Current location - Training Enrollment Network - Mathematics courses - Two general concepts of Landau phase transition
Two general concepts of Landau phase transition
The first-order phase transition needs to meet the following conditions:

1) Under certain isobaric isothermal conditions, the chemical potentials of the two phases must be equal.

2) The first partial derivatives of two-phase chemical potential to temperature t and pressure p are not equal, which means that there are latent heat of phase change and sudden change of volume during phase change (because latent heat of phase change is the first partial derivative of chemical potential to temperature t and sudden change of volume is the first partial derivative of chemical potential to pressure p).

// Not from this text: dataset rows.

Lemma posdef_chol n (P : 'M[R]_n) :
  posdef P -> exists2 L : 'M_n, P = L *m L^T & L \in unitmx.
Proof.
move=> Pdef; suff [L PL] : exists L : 'M_n, P = L *m L^T.
  by exists L => //; have := posdef_unit Pdef; rewrite PL unitmx_mul => /andP[].
elim: n P Pdef => [|n IH] P Pdef; first by exists 0; apply/matrixP => [[]].
pose Q : 'M[R]_(1 + n) := P.
set a := ulsubmx Q 0 0; set b := ursubmx Q; set D := drsubmx Q.
have EQ : Q = block_mx a%:M b b^T D := symmetric_block1 Pdef.1.
have [a_gt0 /IH [L' EL']] : 0 < a /\ posdef (D - a^-1 *: (b^T *m b)).
  by apply: posdef_schur; rewrite -EQ.
set s := Num.sqrt a.
have ss : s * s = a by rewrite -expr2 sqr_sqrtr // ltW.
have s0 : s != 0 by rewrite gt_eqF // sqrtr_gt0.
exists (block_mx s%:M 0 (s^-1 *: b^T) L' : 'M_(1 + n)).
change (Q = block_mx s%:M 0 (s^-1 *: b^T) L' *m (block_mx s%:M 0 (s^-1 *: b^T) L')^T).
rewrite tr_block_mx mulmx_block EQ !trmx0 !mulmx0 !mul0mx !addr0 tr_scalar_mx -EL'.
rewrite linearZ /= trmxK; congr block_mx.
- by rewrite -scalar_mxM ss.
- by rewrite mul_scalar_mx scalerA mulfV // scale1r.
- by rewrite mul_mx_scalar scalerA mulfV // scale1r.
- by rewrite -scalemxAl -scalemxAr scalerA -invfM ss addrC subrK.
Qed.

End Cholesky.

Section GeneralizedInverse.
Variable R : realType.

Lemma trmx11 (A : 'M[R]_1) : A^T = A.
Proof. by rewrite [A]mx11_scalar tr_scalar_mx. Qed.

Lemma mxrank_gram n m (W : 'M[R]_(n, m)) : \rank (W *m W^T) = \rank W.
Proof.
rewrite -[RHS](mxrank_mul_ker W W^T); suff /eqP -> : (W :&: kermx W^T)%MS == 0.
  by rewrite mxrank0 addn0.
apply/rowV0P => v; rewrite sub_capmx => /andP [/submxP [x ->] /sub_kermxP xWW].
by apply: sqr_row_eq0; rewrite trmx_mul mulmxA xWW mul0mx mxE.
Qed.

Lemma gram_sum_colspace n m l (F : 'M[R]_(n, m)) (C : 'M[R]_(n, l)) :
  exists T : 'M[R]_(n, m), F = (F *m F^T + C *m C^T) *m T.
Proof.
pose W := row_mx F C.
have WW : W *m W^T = F *m F^T + C *m C^T by rewrite tr_row_mx mul_row_col.
have /andP [_ WW_W] : (W *m W^T == W^T)%MS.
  by rewrite -(mxrank_leqif_eq (submxMl _ _)).2 mxrank_gram mxrank_tr.
have /submxP [D FD] : (F^T <= W *m W^T)%MS.
  by apply: submx_trans WW_W; rewrite tr_row_mx -addsmxE addsmxSl.
by exists D^T; rewrite -WW; apply: trmx_inj; rewrite FD !trmx_mul !trmxK.
Qed.
(* Let $p,l\in\mathbb{Z}_{\geq 0}$. For every $M\in\mathrm{Sym}_\infty^{p}$ with $\mathrm{rk}(M)\geq p2^pl$, the image of the orbit $G_\infty M$ under the projection $\mathrm{Sym}_\infty^{p}\to\mathrm{Sym}_l^{p}$ (taking upper-left $l\times l$ blocks) is Zariski dense in $\mathrm{Sym}_l^{p}$.
   Context: $\mathrm{Sym}_\infty$ is the space of symmetric complex $\mathbb{N}\times\mathbb{N}$ matrices, viewed as linear maps from finitely supported sequences $\mathbb{C}^\infty_{\mathrm{fin}}$ to all sequences $\mathbb{C}^\infty$; $\mathrm{Sym}_l$ is the space of symmetric complex $l\times l$ matrices. $G_\infty=\bigcup_k\mathrm{GL}_k(\mathbb{C})$ (embedded via $g\mapsto\mathrm{diag}(g,\mathrm{Id})$) acts on $\mathrm{Sym}_\infty^p$ by $g\cdot(M_1,\dots,M_p)=(gM_1g^T,\dots,gM_pg^T)$. Rank of a tuple: for $M=(M_1,\dots,M_s)\in\mathrm{Hom}(V,W)^s$, $\mathrm{rk}(M)$ is the infimum of $\mathrm{rk}(\sum_i\lambda_iM_i)\in\mathbb{Z}_{\ge0}\cup\{\infty\}$ over all nonzero $(\lambda_1,\dots,\lambda_s)\in\mathbb{C}^s$ (so $\mathrm{rk}(M)=\infty$ if $s=0$). *)

From HB Require Import structures.
From mathcomp Require Import all_boot all_order all_algebra.
Set Implicit Arguments. Unset Strict Implicit. Unset Printing Implicit Defensive.
Import Order.TTheory GRing.Theory Num.Theory.
Local Open Scope ring_scope.

Definition infmx (K : Type) := nat -> nat -> K.

Definition symmetric_infmx (K : Type) (A : infmx K) : Prop :=
  forall a b, A a b = A b a.

(* Rank of an infinite matrix A, viewed as a linear map from finitely supported
   sequences to all sequences, is at least r: the image contains r linearly
   independent vectors, i.e. there are r finitely supported vectors
   (supported in [0,N)) whose images are linearly independent. *)
Definition infmx_rank_ge (K : fieldType) (A : infmx K) (r : nat) : Prop :=
  exists (N : nat) (v : 'I_r -> 'I_N -> K),
    forall mu : 'I_r -> K,
      (forall a : nat, \sum_(j < r) mu j * (\sum_(c < N) A a c * v j c) = 0) ->
      forall j, mu j = 0.

(* rk(M) >= r for a tuple M = (M_1,...,M_p): every nonzero linear combination
   has rank >= r (infimum over nonzero lambda; infinite when p = 0). *)
Definition tuple_rank_ge (K : fieldType) (p : nat) (M : 'I_p -> infmx K)
    (r : nat) : Prop :=
  forall lam : 'I_p -> K, (exists i, lam i != 0) ->
    infmx_rank_ge (fun a b => \sum_(i < p) lam i * M i a b) r.

(* Embedding g in GL_k into G_infty as diag(g, Id). *)
Definition ext_mx (K : fieldType) (k : nat) (g : 'M[K]_k) : infmx K :=
  fun a b =>
    match insub a, insub b with
    | Some i, Some j => g i j
    | _, _ => if a == b then 1 else 0
    end.

(* The infinite matrix g A g^T for g = diag(g, Id); row a of ext_mx g is
   supported in [0, k + a + 1), so the sums below are exact. *)
Definition act_infmx (K : fieldType) (k : nat) (g : 'M[K]_k) (A : infmx K)
    : infmx K :=
  fun a b => \sum_(c < k + a.+1) \sum_(d < k + b.+1)
               ext_mx g a c * A c d * ext_mx g b d.

Definition ul_block (K : Type) (l : nat) (A : infmx K) : 'M[K]_l :=
  \matrix_(i < l, j < l) A i j.

Inductive pexpr (V K : Type) : Type :=
| PConst of K
| PVar of V
| PAdd of pexpr V K & pexpr V K
| PMul of pexpr V K & pexpr V K.

Fixpoint peval (V : Type) (K : pzRingType) (e : V -> K) (f : pexpr V K) : K :=
  match f with
  | PConst c => c
  | PVar x => e x
  | PAdd f1 f2 => peval e f1 + peval e f2
  | PMul f1 f2 => peval e f1 * peval e f2
  end.

Definition sym_tuple (K : Type) (p l : nat) (X : 'I_p -> 'M[K]_l) : Prop :=
  forall k, (X k)^T = X k.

What about continuous phase transition? In addition to the condition 1), the first-order partial derivative of chemical potential must be equal to temperature t and pressure p, and the second-order partial derivative (called second-order phase transition when it is not equal) is not needed. In the process of second-order phase transformation, various thermal parameters such as heat capacity, isothermal compression coefficient and expansion coefficient will suddenly change. Landau's continuous phase transition theory explains the abrupt change of these thermal parameters near the critical point. It attributed this mutation to the change of order and symmetry of matter.

Let's take uniaxial ferromagnet as an example to briefly explain Landau theory.

Landau regards spontaneous magnetization m as an order variable, which is a physical quantity describing the degree of order of matter. Obviously, when the temperature of m is lower than the critical temperature Tc, the order of m is higher, showing anisotropy, that is, ferromagnetism. When the temperature rises and reaches the critical temperature Tc, M=0, showing disorder, high symmetry and isotropy, that is, paramagnetism. With the increase of temperature, m changes from non-zero to zero, and from order to disorder. We can use m to express the mathematical expressions of m, h and x (magnetic susceptibility), and we will find that they have two different expressions near the critical temperature, which just shows that these parameters have a sudden change and a continuous phase change near the critical temperature. And through the calculation of m, h, x, we can get the critical index, so as to find some universal laws that do not depend on the characteristics of each substance.